Hello.

I plan to conduct Ph.D. on media studies and the proposal that I am working on entails masculinity studies and media; the convergence of the two. Now I notice something after I wrote up the proposal: I am keen to integrate psychology, sociology, feminist theory, cultural studies, media studies, queer theory, and gender studies. Media Ph.D. programs in media and cultural studies often do integrate various disciplines, as you shall know. However, I am particularly interested in studying a non-visible sexual minority group in Turkey; margin in a margin who are under-researched. The most public those minorities get is on LBRTD (Location based real time dating) apps for men who have sex with men (MSM) and I am keen to observe their rhetoric and strategies of visibility and doing gender on these media platforms.
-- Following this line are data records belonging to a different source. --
(* Every column of a minimal resolution has a nonzero entry: a zero column
   would be a cycle, hence a boundary, but boundaries have entries without
   constant term while the unit vector has one.  By multigradedness the
   multidegrees of the basis elements therefore dominate the multidegree of
   the generator of F_0, and a basis element survives the pruning exactly when
   its multidegree agrees with that of F_0 in the Z-coordinates.  A nonzero
   entry in a surviving column then involves no variable of Z, so it is
   unchanged by Z := 0 and sits in a surviving row, while a surviving row has
   only zero entries, after Z := 0, in deleted columns.  Consequently the
   pruned complex is C_. with Z := 0 restricted to the surviving summands:
   it is a complex, and a lift in C_. of a pruned cycle becomes, after
   Z := 0 and restriction, a lift in the pruned complex. *)

Section ZeroSubstitution.
Variables (R : comNzRingType) (n : nat) (Z : {set 'I_n}).
Local Notation S := {mpoly R[n]}.

HB.instance Definition _ := GRing.RMorphism.copy (zsub Z)
  (comp_mpoly [tuple (if i \in Z then 0 else 'X_i : S) | i < n]).

Definition zfree (m : 'X_{1..n}) := [forall j, (j \in Z) ==> (m j == 0%N)].

Lemma zsubZX (c : R) (m : 'X_{1..n}) :
  zsub Z (c *: 'X_[m]) = if zfree m then c *: 'X_[m] else 0.
Proof.
rewrite /zsub comp_mpolyZ comp_mpolyX.
case: ifP => [/forallP m_Z0 | /negbT].
  congr (_ *: _); rewrite [RHS]mpolyXE_id; apply: eq_bigr => i _.
  rewrite tnth_mktuple; case: ifP => // iZ.
  by move: (m_Z0 i); rewrite iZ => /eqP ->; rewrite !expr0.
rewrite negb_forall => /existsP [j]; rewrite negb_imply => /andP [jZ mj].
by rewrite (bigD1 j) //= tnth_mktuple jZ expr0n (negbTE mj) mul0r scaler0.
Qed.

Lemma zsubE (p : S) :
  zsub Z p = \sum_(m <- msupp p) (if zfree m then p@_m *: 'X_[m] else 0).
Proof. by rewrite {1}(mpolyE p) rmorph_sum; apply: eq_bigr => m _; apply: zsubZX. Qed.

Lemma zsubK (p : S) : zsub Z (zsub Z p) = zsub Z p.
Proof.
rewrite [zsub Z p]zsubE rmorph_sum /=; apply: eq_bigr => m _.
by case: ifP => m_Z; rewrite ?zsubZX ?m_Z ?rmorph0.
Qed.

Lemma Tring_zsub (p : S) : Tring Z (zsub Z p).
Proof. by rewrite /Tring zsubK. Qed.

End ZeroSubstitution.

Lemma mulmx_col (R : pzSemiRingType) m p q (M : 'M[R]_(m, p)) (N : 'M_(p, q)) a c :
  (M *m N) a c = (M *m col c N) a 0.
Proof. by rewrite [LHS]mxE [RHS]mxE; apply: eq_bigr => b _; rewrite mxE. Qed.

Section Pruning.
Unset Implicit Arguments.
Variables (K : comNzRingType) (n k : nat) (g : 'I_k -> 'X_{1..n})
  (t : nat) (r : nat -> nat) (A : forall i, 'M[{mpoly K[n]}]_(r i.-1, r i))
  (deg : forall i, 'I_(r i) -> 'X_{1..n}) (Z : {set 'I_n}).
Set Implicit Arguments.
Local Notation S := {mpoly K[n]}.
Local Notation kept := (kept Z A).
Local Notation pruned := (pruned Z A).

Hypothesis A_graded : multigraded t deg A.
Hypothesis r0_eq1 : r 0 = 1%N.
Hypothesis rt1_eq0 : r t.+1 = 0%N.
Hypothesis A_complex : forall i, (1 <= i <= t)%N -> A i *m A i.+1 = 0.
Hypothesis A_image : forall p : S, True -> (monomial_ideal g p <->
   exists v, supported [set: 'I_(r 1)] (fun _ => True) v /\
             forall a, (A 1%N *m v) a 0 = p).
Hypothesis A_exact : forall i, (1 <= i <= t)%N -> forall v,
   supported [set: 'I_(r i)] (fun _ => True) v ->
   A i *m v = 0 -> exists w, supported [set: 'I_(r i.+1)] (fun _ => True) w
                             /\ A i.+1 *m w = v.
Hypothesis A_minimal : forall i, (1 <= i <= t)%N -> forall a b,
  (A i a b)@_0%MM = 0.

Lemma supported_setT m (v : 'cV[S]_m) : supported [set: 'I_m] (fun _ => True) v.
Proof. by move=> j; rewrite in_setT. Qed.

Definition gen0 : 'I_(r 0) := cast_ord (esym r0_eq1) ord0.

Lemma gen0_uniq (x : 'I_(r 0)) : x = gen0.
Proof.
apply: val_inj => /=; move: (ltn_ord x).
by rewrite [X in (_ < X)%N]r0_eq1; case: (nat_of_ord x).
Qed.

Lemma col_nonzero i : (1 <= i <= t)%N -> forall b : 'I_(r i),
  exists a, A i a b != 0.
Proof.
move=> Hi b; apply/existsP; apply: contraT; rewrite negb_exists => /forallP Ab0.
pose e : 'cV[S]_(r i) := \col_j (j == b)%:R.
have Ae0 : A i *m e = 0.
  apply/matrixP => a c; rewrite !mxE (bigD1 b) //= big1 => [|j /negbTE jb].
    by rewrite mxE eqxx mulr1 addr0; apply/eqP; move: (Ab0 a); rewrite negbK.
  by rewrite mxE jb mulr0.
have [w [_ /matrixP/(_ b 0)/(congr1 (mcoeff 0%MM))]] :=
  A_exact Hi (supported_setT e) Ae0.
rewrite !mxE eqxx mcoeff1 eqxx raddf_sum big1 => [/esym/eqP|c _].
  by rewrite oner_eq0.
case: (ltngtP i t) => [lt_it | gt_it | eq_it].
- by rewrite /= (rmorphM (mcoeff 0%MM)) /= A_minimal ?mul0r // lt_it.
- by case/andP: Hi => _; rewrite leqNgt gt_it.
- by subst i; have : (c < 0)%N by rewrite -rt1_eq0.
Qed.

Lemma graded_entry i : (i < t)%N -> forall a b, A i.+1 a b != 0 ->
  exists c m, A i.+1 a b = c *: 'X_[m] /\
              forall j, deg i.+1 b j = (m j + deg i a j)%N.
Proof.
move=> lt_it a b; case: (@A_graded i.+1 lt_it a b) => [-> | [c [m [Aab deg_b]]] _].
  by rewrite eqxx.
by exists c, m; split=> // j; rewrite -deg_b mnmDE.
Qed.

Definition Zbase i (b : 'I_(r i)) :=
  forall j, j \in Z -> deg i b j = deg 0 gen0 j.

Lemma gen0_deg_le i : (i <= t)%N -> forall (b : 'I_(r i)) j,
  (deg 0 gen0 j <= deg i b j)%N.
Proof.
elim: i => [_ b j | i IH lt_it b j]; first by rewrite (gen0_uniq b).
have [a Aab] := col_nonzero (lt_it : 1 <= i.+1 <= t)%N b.
have [c [m [_ ->]]] := graded_entry lt_it Aab.
exact: leq_trans (IH (ltnW lt_it) a j) (leq_addl _ _).
Qed.

Lemma Zbase_entry i : (i <= t)%N ->
  forall (a : 'I_(r i)) (b : 'I_(r i.+1)) (m : 'X_{1..n}),
  (forall j, deg i.+1 b j = (m j + deg i a j)%N) -> Zbase b ->
  zfree Z m /\ Zbase a.
Proof.
move=> le_it a b m deg_b Zb.
have Zm j : j \in Z -> m j = 0%N /\ deg i a j = deg 0 gen0 j.
  by move=> jZ; move: (Zb j jZ) (gen0_deg_le le_it a j); rewrite deg_b; lia.
by split=> [|j /Zm []//]; apply/forallP => j; apply/implyP => /Zm [->].
Qed.

Lemma keptP i : (i <= t)%N -> forall b : 'I_(r i), b \in kept i <-> Zbase b.
Proof.
elim: i => [_ b | i IH lt_it b].
  by rewrite (gen0_uniq b) in_setT; split=> // _ j.
rewrite inE; split.
  case/existsP => a /andP [ka zAab].
  have Aab : A i.+1 a b != 0 by apply: contraNneq zAab => ->; rewrite rmorph0.
  have [c [m [Aab_eq deg_b]]] := graded_entry lt_it Aab.
  move: zAab; rewrite Aab_eq zsubZX.
  case: ifP => [/forallP Zm _ | _]; last by rewrite eqxx.
  move=> j jZ; rewrite deg_b -((IH (ltnW lt_it) a).1 ka j jZ).
  by move: (Zm j); rewrite jZ => /eqP ->.
move=> Zb; have [a Aab] := col_nonzero (lt_it : 1 <= i.+1 <= t)%N b.
have [c [m [Aab_eq deg_b]]] := graded_entry lt_it Aab.
have [Zm Za] := Zbase_entry (ltnW lt_it) deg_b Zb.
apply/existsP; exists a.
by rewrite (IH (ltnW lt_it) a).2 // Aab_eq zsubZX Zm -Aab_eq.
Qed.

Lemma pruned_kept_col i : (i <= t)%N -> forall a (b : 'I_(r i.+1)),
  b \in kept i.+1 -> pruned i.+1 a b = A i.+1 a b.
Proof.
move=> le_it a b kb; case: (ltngtP i t) => [lt_it | gt_it | eq_it]; last first.
- by subst i; have : (b < 0)%N by rewrite -rt1_eq0.
- by move: le_it; rewrite leqNgt gt_it.
rewrite mxE kb andbT.
have [-> | Aab] := eqVneq (A i.+1 a b) 0; first by rewrite rmorph0 if_same.
have [c [m [Aab_eq deg_b]]] := graded_entry lt_it Aab.
have [Zm Za] := Zbase_entry le_it deg_b ((keptP lt_it b).1 kb).
by rewrite ((keptP le_it a).2 Za) Aab_eq zsubZX Zm.
Qed.

Lemma pruned_mul_supported i (P : S -> Prop) (v : 'cV_(r i.+1)) :
  (i <= t)%N -> supported (kept i.+1) P v -> pruned i.+1 *m v = A i.+1 *m v.
Proof.
move=> le_it sv; apply/matrixP => a c; rewrite (ord1 c) [LHS]mxE [RHS]mxE.
apply: eq_bigr => b _.
have [kb | nkb] := boolP (b \in kept i.+1); first by rewrite pruned_kept_col.
by rewrite (sv b).2 // !mulr0.
Qed.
However, since there is a dearth in sociological or psychological research about this particular sexual minority group, I presume that a sociological and psychological study of their offline rhetoric is also vital: How does the rhetoric of this sexual minority converge and diversify in-between online and offline platforms? So, as much as I wish to limit the study on understanding this form of emerging masculinity in the specific media platform, I also wish to conduct a psychological/sociological research on the offline rhetoric of the group. Then, however, I feel like I am drifting off the course of media studies because perhaps half of my study will entail a pure sociological/psychological research with no focus on media when I explore the offline rhetoric. 

How do I manage to synthesize those online and offline realities in a single strand of research? Is it legit to conduct pure sociological/psychological research on offline artifacts in a media studies Ph.D. Program? Or do I always need to  connect it with media? Since I have a challenging configuration here, I wonder if it is out of line to investigate offline cultural artifacts with no media focus in a media studies. I basically want to analyze both online and offline rhetorics and discourses and at the end see how they converge and diversify..

I am a bit confused I suppose. So I wonder what you think about this. I shall also report that I will use a mixed methods study with three sequential phases; first phase is on the online rhetoric in a specific media artifact, and second phase is a Quantiative research on the offline rhetoric of the sexual minority group, and third one is a qualitative research about both online and offline rhetorics.

I hope I made myself clear,

I would love to hear your thoughts on this.